Highlights - Operational
· Strong performances from both Digital Retail and Enterprise divisions with order books of £3.42 million (2017: £0.84 million) and £5.19 million (2017: £1.93 million) respectively.
· Digital Retail revenue grew 20% to £4.25 million (2017: £3.54 million) whilst operating profit* more than doubled to £0.70 million (2017: £0.34 million); sales orders gained during period included Richer Sounds plc, Thorntons Limited, Beaverbrooks The Jewellers Limited and Scotts of Stow;
· Enterprise division, comprising manufacturing, wholesale distribution and logistics and supply chains, significantly enhanced and strengthened by acquisition of Anisa during the period; revenue and operating profit* (including Anisa) increased to £10.36 million (2017: £7.36 million) and £1.38 million (2017: £1.21 million) respectively. Anisa's global customer base, active during the period, with orders from Culina Group and DHL Supply Chain.
· Total Group order book at period-end (including Anisa) of £8.61 million (2017: £2.78 million); like-for-like order book rose 16% to £3.22 million (2017: £2.78 million).

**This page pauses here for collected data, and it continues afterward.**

Lemma iid_weight_ge0 (x : {ffun 'I_n -> T}) : 0 <= \prod_(j < n) d (x j).
Proof. exact: prodr_ge0. Qed.

Lemma iid_prob_union_bound {I : finType} {E : pred {ffun 'I_n -> T}}
    (B : I -> pred {ffun 'I_n -> T}) :
  (forall x : {ffun 'I_n -> T},
     \prod_(j < n) d (x j) != 0 -> E x -> exists i, B i x) ->
  iid_prob d E <= \sum_i iid_prob d (B i).
Proof.
move=> EB; rewrite /iid_prob.
rewrite [leRHS](eq_bigr (fun i => \sum_x if B i x then \prod_(j < n) d (x j) else 0));
  last by move=> i _; rewrite big_mkcond.
rewrite exchange_big /= [leRHS](bigID E) /= -[leLHS]addr0.
have sum_ge0 x : 0 <= \sum_i (if B i x then \prod_(j < n) d (x j) else 0).
  by apply: sumr_ge0 => i _; case: ifP => // _; exact: iid_weight_ge0.
apply: lerD; last by apply: sumr_ge0.
apply: ler_sum => x Ex.
have [->|w_neq0] := eqVneq (\prod_(j < n) d (x j)) 0.
  by apply: sumr_ge0 => i _; case: ifP.
have [i Bi] := EB x w_neq0 Ex.
rewrite (bigD1 i) //= Bi lerDl; apply: sumr_ge0 => k _.
by case: ifP => // _; exact: iid_weight_ge0.
Qed.

Lemma sum_mgf_visit (s : T) (lam : R) :
  \sum_t d t * expR (- lam * (t == s)%:R) = 1 + d s * (expR (- lam) - 1).
Proof.
rewrite (bigD1 s) //= eqxx mulr1 (eq_bigr d) => [|t /negbTE ->]; last first.
  by rewrite mulr0 expR0 mulr1.
have := d_sum1; rewrite (bigD1 s) //= => d1; lra.
Qed.

Lemma iid_prob_nvisits_le (s : T) (lam k : R) : 0 <= lam ->
  iid_prob d (fun x : {ffun 'I_n -> T} => (nvisits x s)%:R <= k)
  <= expR (lam * k) * (1 + d s * (expR (- lam) - 1)) ^+ n.
Proof.
move=> lam0.
have markov x : (nvisits x s)%:R <= k -> \prod_(j < n) d (x j) <=
    \prod_(j < n) d (x j) * expR (lam * (k - (nvisits x s)%:R)).
  move=> xk; rewrite ler_peMr ?iid_weight_ge0 //.
  by apply: le_trans (expR_ge1Dx _); rewrite lerDl mulr_ge0 // subr_ge0.
have factor (x : {ffun 'I_n -> T}) :
    \prod_(j < n) d (x j) * expR (lam * (k - (nvisits x s)%:R)) =
    expR (lam * k) * \prod_(j < n) (d (x j) * expR (- lam * (x j == s)%:R)).
  rewrite big_split /= -expR_sum -mulr_sumr nvisitsE natr_sum.
  by rewrite mulrCA -expRD mulrBr mulNr.
apply: le_trans (_ : _ <= \sum_(x : {ffun 'I_n -> T}) \prod_(j < n) d (x j) *
                            expR (lam * (k - (nvisits x s)%:R))) _.
  rewrite [leRHS](bigID (fun x : {ffun 'I_n -> T} => (nvisits x s)%:R <= k)) /=.
  rewrite -[leLHS]addr0; apply: lerD; first by apply: ler_sum => x; exact: markov.
  by apply: sumr_ge0 => x _; rewrite mulr_ge0 ?iid_weight_ge0 ?expR_ge0.
rewrite (eq_bigr _ (fun x _ => factor x)) -mulr_sumr.
by rewrite (sum_ffun_prod (fun t => d t * expR (- lam * (t == s)%:R))) sum_mgf_visit.
Qed.

Lemma iid_prob_nvisits_lower_tail (s : T) (a : R) : 0 < d s -> 0 <= a ->
  iid_prob d (fun x : {ffun 'I_n -> T} => (nvisits x s)%:R <= n%:R * (d s - a))
  <= expR (- (n%:R * (a ^+ 2 / (2 * d s)))).
Proof.
move=> p_gt0 a0; set p := d s; set lam := a / p.
have lam0 : 0 <= lam by rewrite divr_ge0 // ltW.
apply: le_trans (iid_prob_nvisits_le s lam _ lam0) _.
have base0 : 0 <= 1 + p * (expR (- lam) - 1).
  have : p <= 1 by rewrite -d_sum1 (bigD1 s) //= lerDl sumr_ge0.
  have : 0 <= p * expR (- lam) by rewrite mulr_ge0 ?expR_ge0 // ltW.
  lra.
apply: le_trans (_ : _ <= expR (lam * (n%:R * (p - a))) *
                          expR (p * (expR (- lam) - 1)) ^+ n) _.
  apply: ler_wpM2l; first exact: expR_ge0.
  by rewrite lerXn2r ?nnegrE ?expR_ge0 ?expR_ge1Dx.
rewrite -expRM_natr -expRD ler_expR.
have -> : - (n%:R * (a ^+ 2 / (2 * p))) =
          lam * (n%:R * (p - a)) + p * (- lam + lam ^+ 2 / 2) * n%:R.
  by rewrite /lam; field; rewrite gt_eqF.
rewrite lerD2l; apply: ler_wpM2r; first exact: ler0n.
apply: ler_wpM2l; first exact: ltW.
by have := expRN_le_taylor2 _ lam0; lra.
Qed.

End iid_sampling.

Lemma xlnx_gap_le {R : realType} (p y a : R) : 0 < p <= 1 -> 0 <= y <= 1 ->
  0 <= a -> p - a <= y ->
  y * ln y - p * ln p - (y - p) <= a * - ln p + a ^+ 2 / p.
Proof.
move=> /andP[p0 p1] /andP[y0 y1] a0 pay.
have lnp0 : 0 <= - ln p by rewrite oppr_ge0 ln_le0.
have [py|yp] := leP p y.
  have y0' : 0 < y := lt_le_trans p0 py.
  have h1 : (y - p) * ln y <= 0 by rewrite mulr_ge0_le0 ?subr_ge0 ?ln_le0.
  have h2 : p * (ln y - ln p) <= y - p.
    have -> : y - p = p * (y / p - 1) by field; rewrite gt_eqF.
    by apply: ler_wpM2l; [exact: ltW | exact: lnB_le_divr_sub1].
  have : 0 <= a * - ln p + a ^+ 2 / p.
    by apply: addr_ge0; [exact: mulr_ge0 | rewrite divr_ge0 ?sqr_ge0 // ltW].
  have -> : y * ln y - p * ln p - (y - p) =
            (y - p) * ln y + p * (ln y - ln p) - (y - p) by ring.
  lra.
have h1 : y * (ln y - ln p) <= y * (y / p - 1).
  have [->|yn0] := eqVneq y 0; first by rewrite !mul0r.
  apply: ler_wpM2l => //; apply: lnB_le_divr_sub1 => //.
  by rewrite lt_def yn0 y0.
have h2 : (p - y) ^+ 2 / p <= a ^+ 2 / p.
  apply: ler_wpM2r; first by rewrite invr_ge0; exact: ltW.
  by rewrite lerXn2r ?nnegrE; lra.
have h3 : (p - y) * - ln p <= a * - ln p by apply: ler_wpM2r => //; lra.
have -> : y * ln y - p * ln p - (y - p) =
          y * (y / p - 1) - y + p + (y * (ln y - ln p) - y * (y / p - 1))
          + (p - y) * - ln p by ring.
have -> : y * (y / p - 1) - y + p = (p - y) ^+ 2 / p by field; rewrite gt_eqF.
lra.
Qed.

Section entropy.
Context {R : realType} {T : finType}.
Implicit Types p y a : T -> R.

Lemma distr_le1 p s : (forall t, 0 <= p t) -> \sum_t p t = 1 -> p s <= 1.
Proof. by move=> p0 <-; rewrite (bigD1 s) //= lerDl sumr_ge0. Qed.

Lemma entropy_ge0 p : (forall s, 0 <= p s) -> \sum_s p s = 1 -> 0 <= entropy p.
Proof.
move=> p0 p1; rewrite /entropy -sumrN; apply: sumr_ge0 => s _.
by rewrite -mulrN mulr_ge0 // oppr_ge0 ln_le0 // distr_le1.
Qed.

Lemma entropy_eq0 p : (forall s, p s = 0 \/ p s = 1) -> entropy p = 0.
Proof.
move=> p01; rewrite /entropy big1 ?oppr0 // => s _.
by case: (p01 s) => ->; rewrite ?mul0r ?ln1 ?mulr0.
Qed.

(* Terms with [p s = 0] vanish on the right since [ln 0 = 0] and [x / 0 = 0]. *)
Lemma entropy_gap_le p y a :
  (forall s, 0 <= p s) -> \sum_s p s = 1 ->
  (forall s, 0 <= y s) -> \sum_s y s = 1 -> (forall s, 0 <= a s) ->
  (forall s, p s = 0 -> y s = 0) -> (forall s, 0 < p s -> p s - a s <= y s) ->
  entropy p - entropy y <= \sum_s (a s * - ln (p s) + a s ^+ 2 / p s).
Proof.
move=> p0 p1 y0 y1 a0 yp0 pay.
have -> : entropy p - entropy y =
          \sum_s (y s * ln (y s) - p s * ln (p s) - (y s - p s)).
  by rewrite !sumrB y1 p1 subrr subr0 /entropy; ring.
apply: ler_sum => s _; have [ps0|ps_neq0] := eqVneq (p s) 0.
  by rewrite ps0 (yp0 s ps0) ln0 // !(mul0r, mulr0, subrr, oppr0, invr0, addr0).
have ps_gt0 : 0 < p s by rewrite lt_def ps_neq0 p0.
apply: xlnx_gap_le; rewrite ?ps_gt0 ?y0 ?a0 ?pay //= ?distr_le1 //.
Qed.

End entropy.

(* [r] plays the role of [sqrt 2] and [sigma] that of [sqrt #|T|]. *)
Lemma card_coef_le {R : realType} (r sigma A B : R) :
  1 <= r -> r ^+ 2 = 2 -> r <= sigma -> 0 <= A -> 0 <= B ->
  sigma * A + r * (sigma ^+ 2 / 2 * B + (sigma ^+ 2 - 2) * (A + B)) + (A + B)
  <= sigma ^+ 2 * sigma * (A + B).
Proof.
move=> r1 r2 rs A0 B0; set t := sigma - r.
have t0 : 0 <= t by rewrite subr_ge0.
have coefA : 0 <= (sigma ^+ 2 - 1) * t + (r - 1).
  by rewrite addr_ge0 ?mulr_ge0 ?subr_ge0 // exprn_ege1 // (le_trans r1 rs).
have coefB : 0 <= r - 1 + 3 / 2 * r * t ^+ 2 + t ^+ 3.
  have : 0 <= r * t ^+ 2 by rewrite mulr_ge0 ?sqr_ge0 // (le_trans ler01 r1).
  have : 0 <= t ^+ 3 by rewrite exprn_ge0.
  lra.
have rE : sigma = r + t by rewrite /t; ring.
rewrite rE in coefA *.
have r3 : r ^+ 3 = 2 * r by rewrite exprS r2 mulrC.
nra.
Qed.

Definition entropy_rate {R : realType} {T : finType} (p : T -> R) (eps : R) : R :=
  eps ^+ 2 * cat_var p / (2 * #|T|%:R ^+ 3 * entropy p ^+ 2).

Section entropy_variance.
Context {R : realType} {T : finType} {p : T -> R}.
Hypotheses (p_ge0 : forall s, 0 <= p s) (p_sum1 : \sum_s p s = 1).
Local Notation S := (#|T|%:R : R).
Local Notation V := (cat_var p).
Local Notation H := (entropy p).

Lemma entropyE : H = \sum_s p s * - ln (p s).
Proof. by rewrite /entropy -sumrN; apply: eq_bigr => s _; rewrite mulrN. Qed.

Lemma cat_var_le1 : V <= 1.
Proof.
rewrite -p_sum1; apply: ler_sum => s _; apply: ler_piMr => //.
by have := p_ge0 s; lra.
Qed.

On current trading and outlook, Group Chief Executive, Ian Newcombe, added:
"We continue to be measured in our business approach, sensitive to the general economic environment and we monitor customer confidence and market conditions carefully. Whilst the Group has not detected any major loss of confidence amongst its customers and that the value of prospects is increasing, sales cycles can still be protracted, especially where major projects are under consideration. Notwithstanding any potential uncertainty surrounding the ongoing Brexit negotiations, Sanderson, now strengthened by the November acquisition, has a large order book, robust recurring revenue and a healthy balance sheet. Combined with the Group's proven reputation, well-established track record and continuing sales momentum, the Board has a good level of confidence that Sanderson will make significant further progress during the current financial year ending 30 September 2018."
Enquiries:
Christopher Winn, Chairman Telephone: 0333 123 1400
Ian Newcombe, Group Chief Executive
Richard Mogg, Finance Director
Mark Taylor/James White
N+1 Singer Telephone: 020 7496 3000
(Nominated Adviser and Broker)
Paul Vann, Walbrook PR Limited Telephone: 0117 985 8989
Mobile: 07786 807631
This announcement contains inside information for the purposes of Article 7 of EU Regulation 596/2014.
SANDERSON GROUP PLC
Interim Results for the six months ended 31 March 2018
CHAIRMAN'S STATEMENT
Sanderson Group plc ('Sanderson' or 'the Group'), the software and IT services business specialising in digital retail technology and enterprise software for businesses operating in the manufacturing, wholesale distribution and logistics sectors, announces its interim results for the six month period ended 31 March 2018.
November acquisition
Sanderson was expanded and enhanced by the acquisition of the Anisa Group ('Anisa') on 23 November 2017, for an enterprise value of £12 million. The acquired business specialises in the delivery and support of world-class integrated supply chain and enterprise resource planning ('ERP') solutions on a global basis. The acquisition has significantly increased the size and strength of the Group, considerably enhancing the range of solutions and services which Sanderson can now offer customers, particularly in managed services.
Financial results
The Group trading results for the six month period ended 31 March 2018, are slightly ahead of management's expectations; revenue increased by 34% to £14.61 million (2017: £10.90 million) and operating profit* rose by 34% to £2.08 million (2017: £1.55 million). On a 'like-for-like' basis, excluding the acquisition, revenue rose to £11.08 million (2017: £10.90 million) and operating profit* grew by over 12% to £1.74 million (2017: £1.55 million), very much reflecting a more efficient, lower cost of delivery of the Group's solutions.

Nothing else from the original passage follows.